[Oh my, this is a LONG one!]
Just came in from out front with DS. Trimming down the sparse weeds out there. Such an attitude change in DS!! He's still out there finishing up with the blower! He seems to be taking an interest in our house lately, and when he thought I didn't trust him for the car loan (from the bank but in my name), he's got it paid up until late November!
He is showing more pride in his room and the new car. That car is a beauty! Power everything and even a backup camera. It's better (and newer) than my little car, but it is his "office", too, when he works his PT job and needs to take it "on site" and sit up all night in it. I'm really pleased with his new attitude! He's a good son!
I wonder if my own attitude change (sans MD) is affecting his attitude as well. I finally went to sleep at 2am last night and set my alarm for 6:45am so I could get out there in the front yard with the weedeater. That's usually my job alone and if I don't do it, it doesn't get done. It will be 102ºF for the next 3 days and I just couldn't do it in the heat, so the crack of dawn it was. He met me in the garage and hit the weeds with as much verve as I did! AMAZING!
That said, I've been contemplating a visit with MD lately, or at least a phone call to my brother to see how she is doing. It's almost like an addiction and I'm being drawn to it. On the other hand, I know exactly what I'll get, and that is not good for my psyche. I continue to have the nagging thought of what I might feel when she actually dies (always her fervent wish since my father died in 2011). I really don't want to be around all that negativity, especially right now! So what is drawing me towards her??! Habit?? Some sense of longing for the "cookie baking Mama" that she never was and never will be? Dr. Phil says, "You can't give what you don't have." Or am I doing it to somehow gloat over her, now that she's powerless, obese herself, and miserable, unable to further harm me (at least physically)? Why not just live my own life and leave her out of mine?

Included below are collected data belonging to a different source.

Lemma Omega_phi {R : realType} {n : nat} (s : R) {u v : 'I_n -> R} :
  in_Gamma u -> (forall i, 0 < v i) ->
  Omega s u v = \sum_(i < n) u i * phi s ((u i + v i) / (2 * u i)).
Proof.
move=> [u_gt0 su] v_gt0; rewrite /Omega /phi.
have pos i : 0 < (u i + v i) / (2 * u i).
  by have := u_gt0 i; have := v_gt0 i => *; apply: divr_gt0; lra.
case: eqP => [_|_]; [|case: eqP => [_|_]].
- by apply: eq_bigr => i _; rewrite -lnV ?posrE ?pos // invf_div.
- apply: eq_bigr => i _; rewrite mulrA; congr (_ * _).
  by have := u_gt0 i => ?; field; rewrite lt0r_neq0.
- transitivity (\sum_(i < n) (s * (s - 1))^-1 *
      (u i * ((u i + v i) / (2 * u i)) `^ s - u i)).
    by rewrite -mulr_sumr sumrB su.
  by apply: eq_bigr => i _; ring.
Qed.

Section csiszar_form.
Context {R : realType} {n : nat} {p q : 'I_n -> R}.
Hypotheses (Gp : in_Gamma p) (Gq : in_Gamma q).

Lemma Omega_qp s : Omega s q p = \sum_(i < n) q i * psi s (p i / q i).
Proof.
rewrite (Omega_phi s Gq Gp.1); apply: eq_bigr => i _; rewrite /psi.
by have := Gq.1 i => ?; congr (_ * phi s _); field; rewrite lt0r_neq0.
Qed.

Lemma Omega_pq t : Omega t p q = \sum_(i < n) q i * perspective (psi t) (p i / q i).
Proof.
rewrite (Omega_phi t Gp Gq.1); apply: eq_bigr => i _.
have q0 := Gq.1 i; rewrite /perspective /psi mulrA [q i * _]mulrC divfK ?gt_eqF //.
by have := Gp.1 i => ?; congr (_ * phi t _); field; rewrite !lt0r_neq0.
Qed.

End csiszar_form.

Section weight.
Context {R : realType}.
Variables (s t : R).
Implicit Types (x y : R).

Definition weight x := powR x (t + 1) * powR ((x + 1) / 2) (s - t).

Lemma weight_expR x : 0 < x ->
  weight x = expR ((t + 1) * (ln x - ln ((x + 1) / 2)) + (s + 1) * ln ((x + 1) / 2)).
Proof.
move=> x0; have A0 : 0 < (x + 1) / 2 by lra.
by rewrite /weight /powR !gt_eqF // -expRD; congr expR; ring.
Qed.

Let ln_ratio_le x y : 0 < x -> x <= y -> ln x - ln ((x + 1) / 2) <= ln y - ln ((y + 1) / 2).
Proof.
move=> x0 xy; have y0 : 0 < y by lra.
rewrite -!lnV ?posrE; try lra.
rewrite -!lnM ?posrE ?invr_gt0; try lra.
rewrite ler_ln ?posrE; try (apply: mulr_gt0; rewrite ?invr_gt0; lra).
rewrite !invf_div !mulrA ler_pdivrMr; last lra.
by rewrite mulrAC ler_pdivlMr; nra.
Qed.

Let ln_half_le x y : 0 < x -> x <= y -> ln ((x + 1) / 2) <= ln ((y + 1) / 2).
Proof. by move=> x0 xy; rewrite ler_ln ?posrE; lra. Qed.

Lemma weight_nondecreasing x y : -1 <= s -> -1 <= t -> 0 < x -> x <= y ->
  weight x <= weight y.
Proof.
move=> s1 t1 x0 xy; rewrite !weight_expR ?ler_expR; try lra.
by apply: lerD; apply: ler_wpM2l; rewrite ?ln_ratio_le ?ln_half_le //; lra.
Qed.

Lemma weight_nonincreasing x y : s <= -1 -> t <= -1 -> 0 < x -> x <= y ->
  weight y <= weight x.
Proof.
move=> s1 t1 x0 xy; rewrite !weight_expR ?ler_expR; try lra.
by apply: lerD; apply: ler_wnM2l; rewrite ?ln_ratio_le ?ln_half_le //; lra.
Qed.

Lemma ddpsi_weight {x} : 0 < x -> ddpsi s x = weight x * (ddpsi t x^-1 / x ^+ 3).
Proof.
move=> x0; have x1 : 0 < x + 1 by lra.
have A0 : 0 < (x + 1) / 2 by lra.
have xA : (x^-1 + 1) / 2 = (x + 1) / 2 / x by field; rewrite lt0r_neq0.
rewrite /ddpsi xA -(powR_mulrn 3 (ltW x0)) /weight /powR !gt_eqF ?divr_gt0 //.
rewrite [ln (_ / x)]lnM ?posrE ?invr_gt0 // lnV ?posrE //.
set la := ln ((x + 1) / 2); set lx := ln x.
rewrite (_ : (s - 2) * la = (t + 1) * lx + (s - t) * la + (t - 2) * (la + - lx) - 3%:R * lx);
  last by ring.
by rewrite expRD expRN !expRD; field; rewrite gt_eqF ?expR_gt0.
Qed.

End weight.

Section Omega_comparison.
Context {R : realType} {n : nat} {p q : 'I_n -> R} {r Rb s t m : R}.
Hypotheses (Gp : in_Gamma p) (Gq : in_Gamma q) (r_gt0 : 0 < r).
Hypothesis ratio_in : forall i, r <= p i / q i <= Rb.

Let pos (y : R) : y \in `[r, Rb] -> 0 < y.
Proof. by rewrite in_itv /= => /andP[ry _]; apply: lt_le_trans ry. Qed.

So a call to my brother? "How's MD?" I haven't spoken to him in a year's time already. Last time I did that was because MD had told me that her single tiny room there at the nursing home cost $15,000/month and I found that hard to believe! DB told me that they had raised the price in the last month from $5700 to $6200 - still a pretty steep price, but around $10,000 short of what the lying MD had told me!! I don't need these people!!!!
I've also been pondering MD's favorite word: ELEGANCE/ELEGANT! She LOVES to "be elegant" or for things to "have elegance". Maybe that's why I shy away from such pomposity! And the funniest thing about it is that she was born into a real Grapes of Wrath
Oh my! I just looked up the word pomposity to make sure that it was right when describing MD (I often look up words) and OMG! DEAD ON!!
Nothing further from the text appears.